As the popularity of Lodoss War grew, people began asking Group SNE for a Lodoss supplement or campaign setting. Either because they didn't want to pay the licensing fee to TSR, or because TSR didn't want an outside company making products for it, Group SNE decided to create their own RPG so that Lodoss fans could smoothly play in that world.
That RPG was Sword World. Thematically, it was a calque of D&D. The races and classes have the serial numbers rubbed off, but they were D&D classes. But for mechanics, they went with a 2d6 system. Polyhedral dice were not at that time particularly easy to obtain. So it was not unlike the GURPS system, married to a Classic D&D love for charts and tables.

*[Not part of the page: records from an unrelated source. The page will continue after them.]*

Lemma lattice_lower_box (a b : R) (q L : Z) (c : R) :
  (forall x1 x2 : Z, (x1 <> 0 \/ x2 <> 0)%Z -> supnorm2 x1 x2 <= IZR L ->
     c <= dist_int (IZR x1 * a + IZR x2 * b)) ->
  (1 <= q)%Z -> 2 * IZR L * sim_dist a b q < c ->
  forall x1 x2, (x1 <> 0 \/ x2 <> 0)%Z ->
    (q | x1 * nint (IZR q * a) + x2 * nint (IZR q * b))%Z -> IZR L <= supnorm2 x1 x2.
Proof.
  intros Hbox Hq Hz x1 x2 Hnz [y Hy]. apply Rnot_lt_le. intros Hshort.
  pose proof (Hbox x1 x2 Hnz (Rlt_le _ _ Hshort)) as Hc.
  pose proof (dist_int_le (IZR x1 * a + IZR x2 * b) y) as Hd.
  rewrite <- (Rminus_0_r (_ - IZR y)) in Hd.
  rewrite (lattice_form_identity a b 0 q (nint (IZR q * a)) (nint (IZR q * b)) x1 x2 y 0)
    in Hd by lia.
  rewrite Rmult_0_r, Rminus_0_r, Rminus_0_r in Hd.
  set (e := IZR x1 * (IZR q * a - IZR (nint (IZR q * a)))
            + IZR x2 * (IZR q * b - IZR (nint (IZR q * b)))) in Hd.
  assert (He : Rabs e <= 2 * IZR L * sim_dist a b q).
  { apply Rabs_dot2_le; [apply Rle_trans with (supnorm2 x1 x2); [apply Rmax_l|lra]
                        |apply Rle_trans with (supnorm2 x1 x2); [apply Rmax_r|lra]
                        |apply Rmax_l|apply Rmax_r]. }
  assert (HqR : 1 <= IZR q) by (apply IZR_le; lia).
  unfold Rdiv in Hd. rewrite Rabs_mult, Rabs_inv, (Rabs_right (IZR q)) in Hd by lra.
  assert (0 < / IZR q <= 1)
    by (split; [apply Rinv_0_lt_compat|rewrite <- Rinv_1; apply Rinv_le_contravar]; lra).
  pose proof (Rabs_pos e). nra.
Qed.

Lemma small_solution (e1 e2 beta : R) : 0 < Rmax (Rabs e1) (Rabs e2) ->
  exists P1 P2, P1 * e1 + P2 * e2 = beta /\
    Rabs P1 <= Rabs beta / Rmax (Rabs e1) (Rabs e2) /\
    Rabs P2 <= Rabs beta / Rmax (Rabs e1) (Rabs e2).
Proof.
  intros Hpos. set (z := Rmax (Rabs e1) (Rabs e2)) in *.
  assert (0 <= Rabs beta / z)
    by (apply Rmult_le_pos; [apply Rabs_pos|apply Rlt_le, Rinv_0_lt_compat; lra]).
  destruct (Rle_dec (Rabs e2) (Rabs e1)) as [Hle|Hlt].
  - assert (Hz : z = Rabs e1) by (apply Rmax_left; auto).
    assert (e1 <> 0) by (intros E; rewrite E, Rabs_R0 in Hz; lra).
    exists (beta / e1), 0. split; [field; auto|]. rewrite Rabs_R0, Hz.
    unfold Rdiv. rewrite Rabs_mult, Rabs_inv. split; [lra|]. rewrite <- Hz. lra.
  - assert (Hz : z = Rabs e2) by (apply Rmax_right; lra).
    assert (e2 <> 0) by (intros E; rewrite E, Rabs_R0 in Hz; lra).
    exists 0, (beta / e2). split; [field; auto|]. rewrite Rabs_R0, Hz.
    unfold Rdiv. rewrite Rabs_mult, Rabs_inv. split; [rewrite <- Hz; lra|lra].
Qed.
(* Let $\delta\ge0$ and let $T\in C^1(\mathbb{T}^1)$ be a diffeomorphism with $T'>0$ and rotation number $\rho\in D_\delta$. Suppose $T$ has an invariant probability measure with a continuous positive density $h$, and that for some constant $\sigma\in[0,1+\delta)$ there is $C$ with $|(T^{q_n})'(\xi)-1|\le CE_{n,\sigma}$ for all $n\ge0$, $\xi\in\mathbb{T}^1$. Then there is $C'$ with $|(T^{q_n})'(\xi)-1|\le C'\Delta_n^{\sigma/(1+\delta)}$ for all $n\ge0$, $\xi\in\mathbb{T}^1$, and $h\in C^{\max\{0,\sigma-\delta\}}(\mathbb{T}^1)$.
   Context: An irrational $\rho$ is in $D_\delta$ if there is $C>0$ with $|\rho-p/q|\ge Cq^{-2-\delta}$ for all rationals $p/q$. Write $\rho\in(0,1)$ as a continued fraction $\rho=[k_1,k_2,\dots]$ with convergents $p_n/q_n$, where $p_0=0,q_0=1,p_{-1}=1,q_{-1}=0$, $p_n=k_np_{n-1}+p_{n-2}$, $q_n=k_nq_{n-1}+q_{n-2}$. Set $\Delta_n=|q_n\rho-p_n|$ for $n\ge-1$ (so $\Delta_{-1}=1$), and for $\sigma\ge0$ set $E_{n,\sigma}=\sum_{k=0}^n\frac{\Delta_n}{\Delta_{n-k}}\Delta_{n-k-1}^\sigma$. $C^\alpha$ for $\alpha\in(0,1]$ means $\alpha$-Hölder; $C^0$ means continuous. *)

From Stdlib Require Import Reals Lra Lia.
From Coquelicot Require Import Coquelicot.
Open Scope R_scope.

(* Gauss map x |-> frac(1/x); the n-th partial quotient of rho is
   k_n = floor(1 / G^{n-1}(rho)), so rho = [k_1, k_2, ...]. *)
Definition gauss (x : R) : R := / x - IZR (Int_part (/ x)).

Definition cf_k (rho : R) (n : nat) : nat :=
  Z.to_nat (Int_part (/ Nat.iter (Nat.pred n) gauss rho)).

(* cf_pq rho n = (p_n, q_n, p_{n-1}, q_{n-1}), with p_0 = 0, q_0 = 1,
   p_{-1} = 1, q_{-1} = 0, p_n = k_n p_{n-1} + p_{n-2}, etc. *)
Fixpoint cf_pq (rho : R) (n : nat) : nat * nat * nat * nat :=
  match n with
  | O => (0%nat, 1%nat, 1%nat, 0%nat)
  | S m =>
      let '(p, q, p', q') := cf_pq rho m in
      let k := cf_k rho (S m) in
      ((k * p + p')%nat, (k * q + q')%nat, p, q)
  end.

Definition cf_p (rho : R) (n : nat) : nat := let '(p, _, _, _) := cf_pq rho n in p.
Definition cf_q (rho : R) (n : nat) : nat := let '(_, q, _, _) := cf_pq rho n in q.
Definition cf_p_prev (rho : R) (n : nat) : nat := let '(_, _, p', _) := cf_pq rho n in p'.
Definition cf_q_prev (rho : R) (n : nat) : nat := let '(_, _, _, q') := cf_pq rho n in q'.

Definition cf_Delta (rho : R) (n : nat) : R :=
  Rabs (INR (cf_q rho n) * rho - INR (cf_p rho n)).
(* cf_Delta_prev n = Delta_{n-1}, for n >= 0 (so cf_Delta_prev 0 = Delta_{-1} = 1) *)
Definition cf_Delta_prev (rho : R) (n : nat) : R :=
  Rabs (INR (cf_q_prev rho n) * rho - INR (cf_p_prev rho n)).
(* Let $R$ be a noetherian domain and let $I$ be a nonzero ideal of $R$. \begin{enumerate} \item If $J$ is a nonzero ideal of $R$ with $I \subseteq J$ and $J/I \cong R/P$ as $R$-modules for some prime ideal $P \subseteq R$, then $\omega'(I) \le \omega'(J)+1$. \item $\omega'(I) < \infty$. \item $\sup \mathsf L_{\mathcal I(R)}(I) \le \omega'(I)$. In particular, $\mathcal I(R)$ is a BF-monoid. \end{enumerate}
   Context: For a domain $R$, $\mathcal I(R)$ denotes the commutative semigroup of all nonzero ideals of $R$ under ideal multiplication (identity $R$). For a nonzero ideal $I$ of $R$, $\omega'(I) \in \mathbb N_0\cup\{\infty\}$ is the smallest $N$ with the property: whenever $n \in \mathbb N$ and $J_1,\dots,J_n \in \mathcal I(R)$ satisfy $J_1\cdots J_n \subseteq I$, there is a subset $\Omega \subseteq \{1,\dots,n\}$ with $|\Omega|\le N$ and $\prod_{\lambda\in\Omega}J_\lambda \subseteq I$ (the empty product being $R$). A monoid means a commutative semigroup $H$ with identity which is unit-cancellative: if $a,u\in H$ and $a=au$, then $u$ is invertible. $H^\times$ is the group of units. An atom is a non-unit $u$ such that $u=ab$ implies $a\in H^\times$ or $b\in H^\times$. For $a\in H$, $\mathsf L_H(a)\subseteq\mathbb N_0$ is the set of all $\ell$ such that $a=\varepsilon u_1\cdots u_\ell$ with $\varepsilon\in H^\times$ and atoms $u_1,\dots,u_\ell$. $H$ is a BF-monoid if it is unit-cancellative and $\mathsf L_H(a)$ is finite and nonempty for every $a\in H$. *)

From HB Require Import structures.
From mathcomp Require Import all_boot all_order all_algebra.
From mathcomp Require Import boolp classical_sets.
Set Implicit Arguments.
Unset Strict Implicit.
Unset Printing Implicit Defensive.
Import Order.TTheory GRing.Theory Num.Theory.
Local Open Scope ring_scope.
Local Open Scope classical_set_scope.

Section Ideals.
Variable R : idomainType.

Definition is_ideal (I : set R) : Prop :=
  I 0 /\ (forall x y, I x -> I y -> I (x + y)) /\ (forall r x, I x -> I (r * x)).

Definition nonzero_ideal (I : set R) : Prop :=
  is_ideal I /\ exists x, x != 0 /\ I x.

Definition imul (I J : set R) : set R :=
  [set x | exists s : seq (R * R),
      (forall p, p \in s -> I p.1 /\ J p.2) /\ x = \sum_(p <- s) p.1 * p.2].

Definition iprod (s : seq (set R)) : set R := foldr imul setT s.

Definition noetherian : Prop :=
  forall C : nat -> set R, (forall n, is_ideal (C n)) ->
    (forall n, C n `<=` C n.+1) -> exists m, forall n, (m <= n)%N -> C n = C m.

Definition prime_ideal (P : set R) : Prop :=
  is_ideal P /\ ~ P 1 /\ forall a b, P (a * b) -> P a \/ P b.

But then, a funny thing happened. Sword World came out in 1989. Unlike overseas RPGs, which came in large size booklets, Sword World was published cheaply in Japan's pocket paperback size. Slowly but surely, it began to take market share, particularly the oh-so-coveted new player market share away from Dungeons & Dragons. Shinwa tried to combat this in 1991 by switching from D&D to AD&D 2nd Edition. It failed miserably. Almost no one made the conversion. By 1994, Shinwa was bankrupt.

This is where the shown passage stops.